В то время мы уже не были дикарями, ничего не ведающими о современных событиях. Париж нас научил уму-разуму. И когда началась Итальянская кампания, мы понимали, какие политические причины ее вызвали. Мы рассуждали о войне, как настоящие стратеги и государственные деятели. В коллеже все живо интересовались кампанией и следили по картам за передвижением войск. На уроках мы отмечали флажками различные позиции, проигрывали и выигрывали сражения. Чтобы не отставать от событий, мы покупали невероятное количество газет. Приносить их поручалось нам, приходящим. Поэтому карманы наши были всегда оттопырены, пачки газет, спрятанные под пальто, покрывали нас с ног до головы, как латы. Во время занятий газеты обходили класс, никто не интересовался уроками, каждый, спрятавшись за спиной соседа, жадно поглощал газетные заметки. Большие листы, чтобы их не было видно, делили на четыре части и прятали в учебниках. Не все преподаватели были простофилями, но они смотрели на эти проделки сквозь пальцы, терпеливо, полагая, что лентяев не исправишь.
Первое время Жюльен только пожимал плечами. Он страстно полюбил поэтов тридцатых годов и всегда носил в кармане томик Мюссе или Гюго, стихи которых читал на уроках. Когда ему передавали четвертушку газеты, он, даже не заглянув в нее, пренебрежительно передавал листок следующему и продолжал читать стихи. Ему казалось чудовищным, что можно преклоняться перед солдатами. Но после потрясения, перевернувшего всю его жизнь, он в корне изменил свои взгляды.

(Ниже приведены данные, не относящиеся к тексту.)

(* Let $\lambda\in\mathbb{C}^*$ and $\alpha_1,\alpha_2,\beta_1,\beta_2\in\mathbb{C}$ with $(\alpha_1,\beta_1)\neq(0,0)$ and $(\alpha_2,\beta_2)\neq(0,0)$. Consider the tensor product $\mathcal{L}$-module $\Omega(\lambda,\alpha_1,\beta_1)\otimes\Omega(\lambda,\alpha_2,\beta_2)$ (both factors being $\mathbb{C}[Y]$), and let $U=\mathrm{span}\{\sum_{t=0}^{j}\binom{j}{t}Y^{j-t}\otimes Y^t\mid j\in\mathbb{N}\}$. Then $U$ is a nonzero proper $\mathcal{L}$-submodule of $\Omega(\lambda,\alpha_1,\beta_1)\otimes\Omega(\lambda,\alpha_2,\beta_2)$; consequently $\Omega(\lambda,\alpha_1,\beta_1)\otimes\Omega(\lambda,\alpha_2,\beta_2)$ is a reducible $\mathcal{L}$-module.
   Context: The (centerless) Heisenberg-Virasoro algebra $\mathcal{L}$ is the complex Lie algebra with basis $\{L_m,H_m\mid m\in\mathbb{Z}\}$ and brackets $[L_m,L_n]=(n-m)L_{m+n}$, $[L_m,H_n]=nH_{m+n}$, $[H_m,H_n]=0$. For $\lambda\in\mathbb{C}^*$ and $\alpha,\beta\in\mathbb{C}$, $\Omega(\lambda,\alpha,\beta)$ denotes the $\mathcal{L}$-module $\mathbb{C}[Y]$ with $L_m f(Y)=\lambda^m(Y+m\alpha)f(Y-m)$ and $H_m f(Y)=\beta\lambda^m f(Y-m)$ for $m\in\mathbb{Z}$. The tensor product has action $x(v\otimes w)=xv\otimes w+v\otimes xw$. $\mathbb{N}$ denotes non-negative integers. *)

From HB Require Import structures.
From mathcomp Require Import all_boot all_order all_algebra.
From mathcomp Require Import complex.
From mathcomp Require Import reals.
Set Implicit Arguments. Unset Strict Implicit. Unset Printing Implicit Defensive.
Import Order.TTheory GRing.Theory Num.Theory.
Local Open Scope ring_scope.

Section Defs.
Variable K : fieldType.

Definition OmL (lam a : K) (m : int) (f : {poly K}) : {poly K} :=
  lam ^ m *: (('X + (m%:~R * a)%:P) * (f \Po ('X - (m%:~R)%:P))).
Definition OmH (lam b : K) (m : int) (f : {poly K}) : {poly K} :=
  (b * lam ^ m) *: (f \Po ('X - (m%:~R)%:P)).

(* K[Y] (x) K[Y] is identified with {poly {poly K}}: p (x) q  |->  p(Y1) q(Y2),
   the outer variable being Y1 (first factor), the inner one Y2 (second). *)
Definition tens (p q : {poly K}) : {poly {poly K}} := map_poly polyC p * q%:P.

(* T (x) id and id (x) T for linear T : K[Y] -> K[Y],
   defined on F = sum_i Y1^i (x) F_i. *)
Definition lift1 (T : {poly K} -> {poly K}) (F : {poly {poly K}}) : {poly {poly K}} :=
  \sum_(i < size F) tens (T 'X^i) F`_i.
Definition lift2 (T : {poly K} -> {poly K}) (F : {poly {poly K}}) : {poly {poly K}} :=
  \sum_(i < size F) tens 'X^i (T F`_i).

(* action on the tensor product: x (v (x) w) = x v (x) w + v (x) x w *)
Definition TL (lam a1 a2 : K) (m : int) (F : {poly {poly K}}) :=
  lift1 (OmL lam a1 m) F + lift2 (OmL lam a2 m) F.
Definition TH (lam b1 b2 : K) (m : int) (F : {poly {poly K}}) :=
  lift1 (OmH lam b1 m) F + lift2 (OmH lam b2 m) F.

Definition is_submodule (lam a1 b1 a2 b2 : K) (S : {poly {poly K}} -> Prop) :=
  [/\ S 0,
      (forall F G, S F -> S G -> S (F + G)),
      (forall (c : K) F, S F -> S (c%:P%:P * F)),
      (forall m F, S F -> S (TL lam a1 a2 m F)) &
      (forall m F, S F -> S (TH lam b1 b2 m F))].

Definition nonzero_proper (S : {poly {poly K}} -> Prop) :=
  (exists F, S F /\ F <> 0) /\ (exists F, ~ S F).

Definition reducible (lam a1 b1 a2 b2 : K) :=
  exists S, is_submodule lam a1 b1 a2 b2 S /\ nonzero_proper S.

Definition ugen (j : nat) : {poly {poly K}} :=
  \sum_(t < j.+1) tens 'X^(j - t) 'X^t *+ 'C(j, t).

Definition Uspan (F : {poly {poly K}}) : Prop :=
  exists (n : nat) (c : nat -> K), F = \sum_(j < n) (c j)%:P%:P * ugen j.
End Defs.

From HB Require Import structures.
From mathcomp Require Import all_boot all_order all_algebra.
From mathcomp Require Import complex.
From mathcomp Require Import reals.
Import Order.TTheory GRing.Theory Num.Theory.
Local Open Scope ring_scope.

(* Identify K[Y] (x) K[Y] with K[Y1, Y2]. Then u_j = (Y1 + Y2)^j, so U is the
   image of the ring morphism subst_sum : p |-> p(Y1 + Y2). Both L_m and H_m act
   on a factor as f |-> P f(Y - m), with P = lam^m (Y + m alpha), resp.
   beta lam^m, hence on the tensor product as
   F |-> P1(Y1) F(Y1 - m, Y2) + P2(Y2) F(Y1, Y2 - m).
   On F = p(Y1 + Y2) both shifts give p(Y1 + Y2 - m), and P1(Y1) + P2(Y2) is
   again a polynomial in Y1 + Y2 since P1 and P2 have the same leading
   coefficient: subst_sum intertwines Omega(lam, alpha1 + alpha2, beta1 + beta2)
   with U. Finally Y1 is not in U, because every element of U takes the same
   value at (1, 0) and at (0, 1). *)

Section TensorSquare.
Variable K : fieldType.
Local Notation PP := {poly {poly K}}.
Local Notation Y1 := ('X : PP).
Local Notation Y2 := (('X : {poly K})%:P : PP).

Definition subst_sum : {rmorphism {poly K} -> PP} :=
  (comp_poly (Y1 + Y2) \o map_poly polyC)%FUN.

Lemma subst_sumE p : subst_sum p = p^:P \Po (Y1 + Y2). Proof. by []. Qed.

Lemma subst_sumC c : subst_sum c%:P = c%:P%:P.
Proof. by rewrite subst_sumE map_polyC comp_polyC. Qed.

Lemma subst_sumX : subst_sum 'X = Y1 + Y2.
Proof. by rewrite subst_sumE map_polyX comp_polyX. Qed.

Lemma ugenE j : ugen K j = subst_sum 'X^j.
Proof.
rewrite rmorphXn subst_sumX exprDn; apply: eq_bigr => t _.
by rewrite /tens map_polyXn rmorphXn.
Qed.

Lemma UspanP F : Uspan F <-> exists p, F = subst_sum p.
Proof.
split=> [[n [c ->]] | [p ->]].
  exists (\sum_(j < n) c j *: 'X^j); rewrite rmorph_sum; apply: eq_bigr => j _.
  by rewrite -mul_polyC rmorphM subst_sumC ugenE.
exists (size p), (fun j => p`_j); rewrite -{1}[p]coefK poly_def rmorph_sum.
by apply: eq_bigr => j _; rewrite -mul_polyC rmorphM subst_sumC ugenE.
Qed.

Lemma horner2_subst_sum p s t : (subst_sum p).[s%:P].[t] = p.[s + t].
Proof.
by rewrite subst_sumE horner_comp !hornerE -/(comp_poly _ p) horner_comp !hornerE.
Qed.

Lemma Y1_notin_Uspan : ~ Uspan Y1.
Proof.
move=> /UspanP[p hp].
have := horner2_subst_sum p 0 1; have := horner2_subst_sum p 1 0.
rewrite -hp add0r addr0 !hornerE => <- /eqP.
by rewrite eq_sym oner_eq0.
Qed.

Section ShiftOperator.
Context {T : {poly K} -> {poly K}} {P : {poly K}} {d : K}.
Hypothesis TE : forall q, T q = P * (q \Po ('X - d%:P)).

Lemma lift1_shift F : lift1 T F = P^:P * (F \Po (Y1 - d%:P%:P)).
Proof.
rewrite /lift1 comp_polyE mulr_sumr; apply: eq_bigr => i _.
rewrite TE comp_Xn_poly /tens rmorphM rmorphXn rmorphB /= map_polyX map_polyC.
by rewrite -mul_polyC [(F`_i)%:P * _]mulrC mulrA.
Qed.

Lemma lift2_shift F : lift2 T F = P%:P * map_poly (comp_poly ('X - d%:P)) F.
Proof.
rewrite /lift2 /map_poly poly_def mulr_sumr; apply: eq_bigr => i _.
by rewrite TE /tens map_polyXn -mul_polyC polyCM mulrC -mulrA.
Qed.
End ShiftOperator.

Lemma subst_sum_comp_shift p d :
  subst_sum (p \Po ('X - d%:P)) = p^:P \Po (Y1 + Y2 - d%:P%:P).
Proof.
rewrite subst_sumE map_comp_poly -comp_polyA rmorphB /= map_polyX map_polyC.
by rewrite comp_polyB comp_polyX comp_polyC.
Qed.

Lemma comp_subst_sum p d :
  subst_sum p \Po (Y1 - d%:P%:P) = subst_sum (p \Po ('X - d%:P)).
Proof.
rewrite subst_sum_comp_shift subst_sumE -comp_polyA.
by rewrite comp_polyD comp_polyX comp_polyC addrAC.
Qed.

Lemma map_subst_sum p d :
  map_poly (comp_poly ('X - d%:P)) (subst_sum p) = subst_sum (p \Po ('X - d%:P)).
Proof.
rewrite subst_sum_comp_shift subst_sumE map_comp_poly -map_poly_comp.
rewrite (@eq_map_poly _ _ _ polyC) => [|c]; last exact: comp_polyC.
by rewrite rmorphD /= map_polyX map_polyC /= comp_polyX rmorphB addrA.
Qed.

Lemma lift_subst_sum {T1 T2 P1 P2 d} p :
  (forall q, T1 q = P1 * (q \Po ('X - d%:P))) ->
  (forall q, T2 q = P2 * (q \Po ('X - d%:P))) ->
  lift1 T1 (subst_sum p) + lift2 T2 (subst_sum p) =
  (P1^:P + P2%:P) * subst_sum (p \Po ('X - d%:P)).
Proof.
move=> T1E T2E.
by rewrite (lift1_shift T1E) (lift2_shift T2E) comp_subst_sum map_subst_sum mulrDl.
Qed.

Lemma OmLE (lam a : K) m q :
  OmL lam a m q = (lam ^ m *: ('X + (m%:~R * a)%:P)) * (q \Po ('X - (m%:~R)%:P)).
Proof. by rewrite /OmL scalerAl. Qed.

Lemma OmHE (lam b : K) m q :
  OmH lam b m q = (b * lam ^ m)%:P * (q \Po ('X - (m%:~R)%:P)).
Proof. by rewrite /OmH mul_polyC. Qed.

Lemma subst_sum_affine (u c1 c2 : K) :
  (u *: ('X + c1%:P))^:P + (u *: ('X + c2%:P))%:P =
  subst_sum (u *: ('X + (c1 + c2)%:P)).
Proof.
rewrite -!mul_polyC [in RHS]rmorphM [in RHS]rmorphD subst_sumX !subst_sumC.
rewrite !(rmorphM, rmorphD) /= map_polyX !map_polyC.
by rewrite -mulrDr addrACA.
Qed.

Lemma TL_subst_sum (lam a1 a2 : K) m p :
  TL lam a1 a2 m (subst_sum p) = subst_sum (OmL lam (a1 + a2) m p).
Proof.
rewrite /TL (lift_subst_sum _ (OmLE _ _ _) (OmLE _ _ _)) subst_sum_affine.
by rewrite [in RHS]OmLE rmorphM mulrDr.
Qed.

Lemma TH_subst_sum (lam b1 b2 : K) m p :
  TH lam b1 b2 m (subst_sum p) = subst_sum (OmH lam (b1 + b2) m p).
Proof.
rewrite /TH (lift_subst_sum _ (OmHE _ _ _) (OmHE _ _ _)).
rewrite [in RHS]OmHE [in RHS]rmorphM subst_sumC map_polyC.
by rewrite [(b1 + b2) * _]mulrDl !rmorphD.
Qed.

Lemma Uspan_submodule (lam a1 b1 a2 b2 : K) : is_submodule lam a1 b1 a2 b2 (@Uspan K).
Proof.
split.
- by apply/UspanP; exists 0; rewrite rmorph0.
- move=> _ _ /UspanP[p ->] /UspanP[q ->]; apply/UspanP.
  by exists (p + q); rewrite rmorphD.
- move=> c _ /UspanP[p ->]; apply/UspanP.
  by exists (c%:P * p); rewrite rmorphM subst_sumC.
- move=> m _ /UspanP[p ->]; apply/UspanP.
  by exists (OmL lam (a1 + a2) m p); rewrite TL_subst_sum.
- move=> m _ /UspanP[p ->]; apply/UspanP.
  by exists (OmH lam (b1 + b2) m p); rewrite TH_subst_sum.
Qed.

Lemma Uspan_nonzero_proper : nonzero_proper (@Uspan K).
Proof.
split; last by exists Y1; exact: Y1_notin_Uspan.
exists 1; split; last exact/eqP/oner_neq0.
by apply/UspanP; exists 1; rewrite rmorph1.
Qed.

End TensorSquare.

Theorem mainTheorem15 (R : realType) (lam a1 b1 a2 b2 : R[i])
  (hlam : lam != 0) (h1 : (a1, b1) != (0, 0)) (h2 : (a2, b2) != (0, 0)) :
  (is_submodule lam a1 b1 a2 b2 (@Uspan R[i]) /\ nonzero_proper (@Uspan R[i]))
  /\ reducible lam a1 b1 a2 b2.
Proof.
have U_submodule : is_submodule lam a1 b1 a2 b2 (@Uspan R[i]).
  exact: Uspan_submodule.
have U_nonzero_proper : nonzero_proper (@Uspan R[i]).
  exact: Uspan_nonzero_proper.
by split; last exists (@Uspan R[i]).
Qed.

В один прекрасный день, провалившись на экзаменах, Луи отправился добровольцем на войну. Этот безрассудный шаг он задумал уже давно. У него был дядя генерал, по стопам которого Луи хотел пойти. Он думал, что можно обойтись без школьной зубрежки. К тому же после окончания войны он мог попытаться поступить в Сен-Сир. Новость потрясла Жюльена. Он уже не был мальчиком, запальчиво выступавшим против войны с наивными доводами чувствительной девицы, но по-прежнему страстно ненавидел войну. Он старался держаться настоящим мужчиной, и ему удалось не заплакать. И вот, как только его брат ушел на фронт, он стал из всех нас самым одержимым читателем газет. Мы с ним приходили в лицей и уходили оттуда вместе. Тема наших разговоров всегда была одна и та же -- предстоящие сражения. Помню, он каждый вечер тащил меня в Люксембургский сад и там, положив книги на скамейку, чертил на песке настоящую карту Северной Италии. Так он мысленно был с братом. Его сводил с ума страх, что Луи могут убить.

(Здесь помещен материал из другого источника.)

Lemma sum_deg2_col_gaps (R : comNzRingType) (x : R) n : (0 < n)%N ->
  \sum_(0 <= g < n.+1) \sum_(0 <= g' < g) x ^+ (deg2_col n g - deg2_col n g') =
  deg2_col_gaps x n.
Proof.
move=> n_gt0; rewrite big_nat_recr //= big_ltn // big_geq // add0r.
have inner g : (0 < g < n)%N -> \sum_(0 <= g' < g) x ^+ (deg2_col n g - deg2_col n g') =
    x ^+ (3 * g - 1) + \sum_(1 <= g' < g) (x ^+ 3) ^+ (g - g').
  move=> g_range; rewrite big_ltn; last lia.
  congr (_ + _); last (apply: eq_big_nat => g' g'_range; rewrite -exprM);
    by congr (_ ^+ _); rewrite /deg2_col /=; repeat (case: ifP => ?); lia.
have last_col : \sum_(0 <= g' < n) x ^+ (deg2_col n n - deg2_col n g') =
    x ^+ (3 * n - 2) + \sum_(1 <= g < n) x ^+ (3 * g - 1).
  rewrite big_ltn // [X in _ + X]big_nat_rev /=.
  congr (_ + _); last (apply: eq_big_nat => g g_range);
    by congr (_ ^+ _); rewrite /deg2_col /=; repeat (case: ifP => ?); lia.
rewrite (eq_big_nat _ _ inner) big_split /= last_col.
have triangle : \sum_(1 <= g < n) \sum_(1 <= g' < g) (x ^+ 3) ^+ (g - g') =
    \sum_(1 <= d < n.-1) (n.-1 - d)%:R * x ^+ (3 * d).
  under [RHS]eq_bigr do rewrite exprM.
  rewrite -sum_triangle_pow big_add1 /=; apply: eq_big_nat => g _.
  by rewrite big_add1 /=; apply: eq_big_nat => g' _; rewrite subSS.
by rewrite /deg2_col_gaps triangle; ring.
Qed.

Definition deg2_weight (R : comNzRingType) (x : R) n (g g' : nat) : R :=
  if g == g' then 2 * x ^+ (1 + 2 * ~~ Lrung (deg2_col n g))
  else 2 * (1 + x) * x ^+ ((deg2_col n g - deg2_col n g') + (deg2_col n g' - deg2_col n g)).

Lemma deg2_weight_sym (R : comNzRingType) (x : R) n g g' :
  deg2_weight x n g g' = deg2_weight x n g' g.
Proof. by rewrite /deg2_weight eq_sym; case: eqVneq => [->|_] //; rewrite addnC. Qed.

Даже теперь, раздумывая над этим, я с трудом понимаю, что же было источником такого страха перед войной. Жюльен не был трусом. Он только терпеть не мог физические упражнения, предпочитая им умственные занятия. Он считал, что высшее назначение человека -- наука, и поэзия, которыми можно заниматься, закрывшись в кабинете. Столкновения на улицах, кулачные драки, фехтование, даже любые упражнения, развивающие мускулы, казались ему недостойными цивилизованной нации. Он презирал ярмарочных силачей, гимнастов, укротителей зверей. Надо добавить, что он не был патриотом. Мы обливали его за это презрением, и я до сих пор помню, что в ответ он только улыбался и пожимал плечами.

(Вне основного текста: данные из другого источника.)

(* Let $s$ be a positive integer. Put $d_s(0)=1$ and $d_s(k)=0$ for all integers $k<0$, and for $k\geq 1$ define $d_s(k)=\sum_{j=1}^sd_s(j-1)\,d_s(k-j)$. Then for every $n\geq s$, \[A_{312}(U_{\mathrm{spine}=s,n}^\alpha)=d_s(n-s+1).\]
   Context: For integers $s\ge1$ and $n\ge 0$, the labeled uneven comb $U^\alpha_{\mathrm{spine}=s,n}$ is the poset on $\{1,\dots,n\}$ whose order is generated by the covering relations $i\lessdot i+1$ for $1\le i\le s-1$ with $i+1\le n$, and $i\lessdot i+s$ whenever $i+s\le n$. A linear extension is viewed as a permutation of $[n]$ in which $x$ precedes $y$ whenever $x<y$ in the poset. $A_\tau(P)$ denotes the number of linear extensions of $P$ that avoid the permutation pattern $\tau$. *)

From mathcomp Require Import all_boot.
Set Implicit Arguments. Unset Strict Implicit. Unset Printing Implicit Defensive.

(* Covering relations of the labeled uneven comb U^alpha_{spine=s,n} on {1..n}:
   i <. i+1 for 1 <= i <= s-1 with i+1 <= n, and i <. i+s whenever i+s <= n. *)
Definition comb_cover (s n i j : nat) : Prop :=
  1 <= i /\
  ((i <= s - 1 /\ j = i + 1 /\ j <= n) \/ (j = i + s /\ j <= n)).

Inductive comb_le (s n : nat) : nat -> nat -> Prop :=
| comb_le_refl x : 1 <= x <= n -> comb_le s n x x
| comb_le_step x y z : comb_cover s n x y -> comb_le s n y z -> comb_le s n x z.

Definition comb_linext (s n : nat) (p : seq nat) : Prop :=
  perm_eq p (iota 1 n) /\
  forall x y, comb_le s n x y -> index x p <= index y p.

Одно из самых ярких воспоминаний того времени -- чудесный летний день, когда весь Париж облетела весть о победе под Маджентой. Стояли такие жаркие дни, какие у нас, во Франции, редко бывают в июне. Было воскресенье. Накануне мы с Жюльеном договорились пойти погулять на Елисейские поля. Он давно не получал писем от брата и очень за него беспокоился; мне хотелось развлечь беднягу. Я зашел за ним в час дня, и мы отправились на берег Сены. Мы шли небрежной походкой, естественной для школьников, когда они чувствуют, что за ними больше не следит надзиратель. Париж великолепен в эти жаркие праздничные дни. Тени от зданий резко чернеют на светлых мостовых. Ставни на окнах закрыты, между домами проглядывают полоски ярко-синего неба. Не знаю, бывает ли где-нибудь на земле так жарко, как в Париже, когда там стоит жара; все словно объято пламенем, нечем дышать. Многие улицы Парижа, а также набережные пустеют, -- парижане бегут в пригородные леса. Как хорошо прогуляться тогда по этим широким и пустынным набережным! Вдоль тротуаров тянутся ряды густых невысоких деревьев, а там, внизу, величаво течет Сена, взад и вперед снуют пароходики, жизнь бьет ключом.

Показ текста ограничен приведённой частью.